Problem ▸ Print every line of the data exactly as shown.

**** Records to use

Lemma comobius_sum psi (B : {set 'I_n}) :
  \sum_(A : {set 'I_n} | B \subset A) comobius psi n A = psi B.
Proof.
rewrite (bigD1 B) ?subxx //= -comobius_stable ?leq_subr //=.
suff -> : \sum_(A : {set 'I_n} | (B \subset A) && (A != B)) comobius psi n A =
          \sum_(A : {set 'I_n} | B \proper A) comobius psi n A by rewrite subrK.
by apply: eq_bigl => A; rewrite properEneq eq_sym andbC.
Qed.

Lemma exists_lovasz_negind (psi : {set 'I_n} -> R) :
  exists L, is_lovasz L /\ forall B, L (negind B) = psi B.
Proof.
exists (fun x => \sum_A comobius psi n A * dual_unanimity A x); split.
  by apply/is_lovaszE => s; apply: affine_on_sum => A; exact: dual_unanimity_affine.
move=> B; rewrite -comobius_sum [RHS]big_mkcond; apply: eq_bigr => A _.
by rewrite dual_unanimity_negind; case: ifP; rewrite ?mulr1 ?mulr0.
Qed.

End LovaszExtension.

Section NonpositiveDomain.
Variables (R : realFieldType) (n : nat) (I : R -> Prop).
Hypotheses (I0 : I 0) (Im1 : I (-1)) (I_le0 : forall x : R, I x -> x <= 0).
Local Notation vec := (vec R n).

Lemma in_In_negind (A : {set 'I_n}) : in_In I (negind A : vec).
Proof. by move=> i; rewrite /negind /ind; case: ifP; rewrite ?oppr0. Qed.

Lemma in_In_scale_ind t (A : {set 'I_n}) : I t -> in_In I (scalev t (ind A) : vec).
Proof. by move=> It i; rewrite /scalev /ind; case: ifP; rewrite ?mulr1 ?mulr0. Qed.

Lemma in_In_vmin (x y : vec) : in_In I x -> in_In I y -> in_In I (vmin x y).
Proof. by move=> Ix Iy i; rewrite /vmin; case: lerP. Qed.

Lemma in_In_vmax (x y : vec) : in_In I x -> in_In I y -> in_In I (vmax x y).
Proof. by move=> Ix Iy i; rewrite /vmax; case: lerP. Qed.

Lemma negind0 : negind set0 = zerov :> vec.
Proof. by apply: functional_extensionality => i; rewrite /negind /ind inE oppr0. Qed.

Lemma negindE (A : {set 'I_n}) : negind A = scalev (-1) (ind A) :> vec.
Proof. by apply: functional_extensionality => i; rewrite /scalev /negind mulN1r. Qed.

Lemma scalev_ind_negind t (A : {set 'I_n}) : scalev t (ind A) = scalev (- t) (negind A) :> vec.
Proof. by apply: functional_extensionality => i; rewrite /scalev /negind mulrNN. Qed.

********

Expected answer ▸
Lemma comobius_sum psi (B : {set 'I_n}) :
  \sum_(A : {set 'I_n} | B \subset A) comobius psi n A = psi B.
Proof.
rewrite (bigD1 B) ?subxx //= -comobius_stable ?leq_subr //=.
suff -> : \sum_(A : {set 'I_n} | (B \subset A) && (A != B)) comobius psi n A =
          \sum_(A : {set 'I_n} | B \proper A) comobius psi n A by rewrite subrK.
by apply: eq_bigl => A; rewrite properEneq eq_sym andbC.
Qed.

Lemma exists_lovasz_negind (psi : {set 'I_n} -> R) :
  exists L, is_lovasz L /\ forall B, L (negind B) = psi B.
Proof.
exists (fun x => \sum_A comobius psi n A * dual_unanimity A x); split.
  by apply/is_lovaszE => s; apply: affine_on_sum => A; exact: dual_unanimity_affine.
move=> B; rewrite -comobius_sum [RHS]big_mkcond; apply: eq_bigr => A _.
by rewrite dual_unanimity_negind; case: ifP; rewrite ?mulr1 ?mulr0.
Qed.

End LovaszExtension.

Section NonpositiveDomain.
Variables (R : realFieldType) (n : nat) (I : R -> Prop).
Hypotheses (I0 : I 0) (Im1 : I (-1)) (I_le0 : forall x : R, I x -> x <= 0).
Local Notation vec := (vec R n).

Lemma in_In_negind (A : {set 'I_n}) : in_In I (negind A : vec).
Proof. by move=> i; rewrite /negind /ind; case: ifP; rewrite ?oppr0. Qed.

Lemma in_In_scale_ind t (A : {set 'I_n}) : I t -> in_In I (scalev t (ind A) : vec).
Proof. by move=> It i; rewrite /scalev /ind; case: ifP; rewrite ?mulr1 ?mulr0. Qed.

Lemma in_In_vmin (x y : vec) : in_In I x -> in_In I y -> in_In I (vmin x y).
Proof. by move=> Ix Iy i; rewrite /vmin; case: lerP. Qed.

Lemma in_In_vmax (x y : vec) : in_In I x -> in_In I y -> in_In I (vmax x y).
Proof. by move=> Ix Iy i; rewrite /vmax; case: lerP. Qed.

Lemma negind0 : negind set0 = zerov :> vec.
Proof. by apply: functional_extensionality => i; rewrite /negind /ind inE oppr0. Qed.

Lemma negindE (A : {set 'I_n}) : negind A = scalev (-1) (ind A) :> vec.
Proof. by apply: functional_extensionality => i; rewrite /scalev /negind mulN1r. Qed.

Lemma scalev_ind_negind t (A : {set 'I_n}) : scalev t (ind A) = scalev (- t) (negind A) :> vec.
Proof. by apply: functional_extensionality => i; rewrite /scalev /negind mulrNN. Qed.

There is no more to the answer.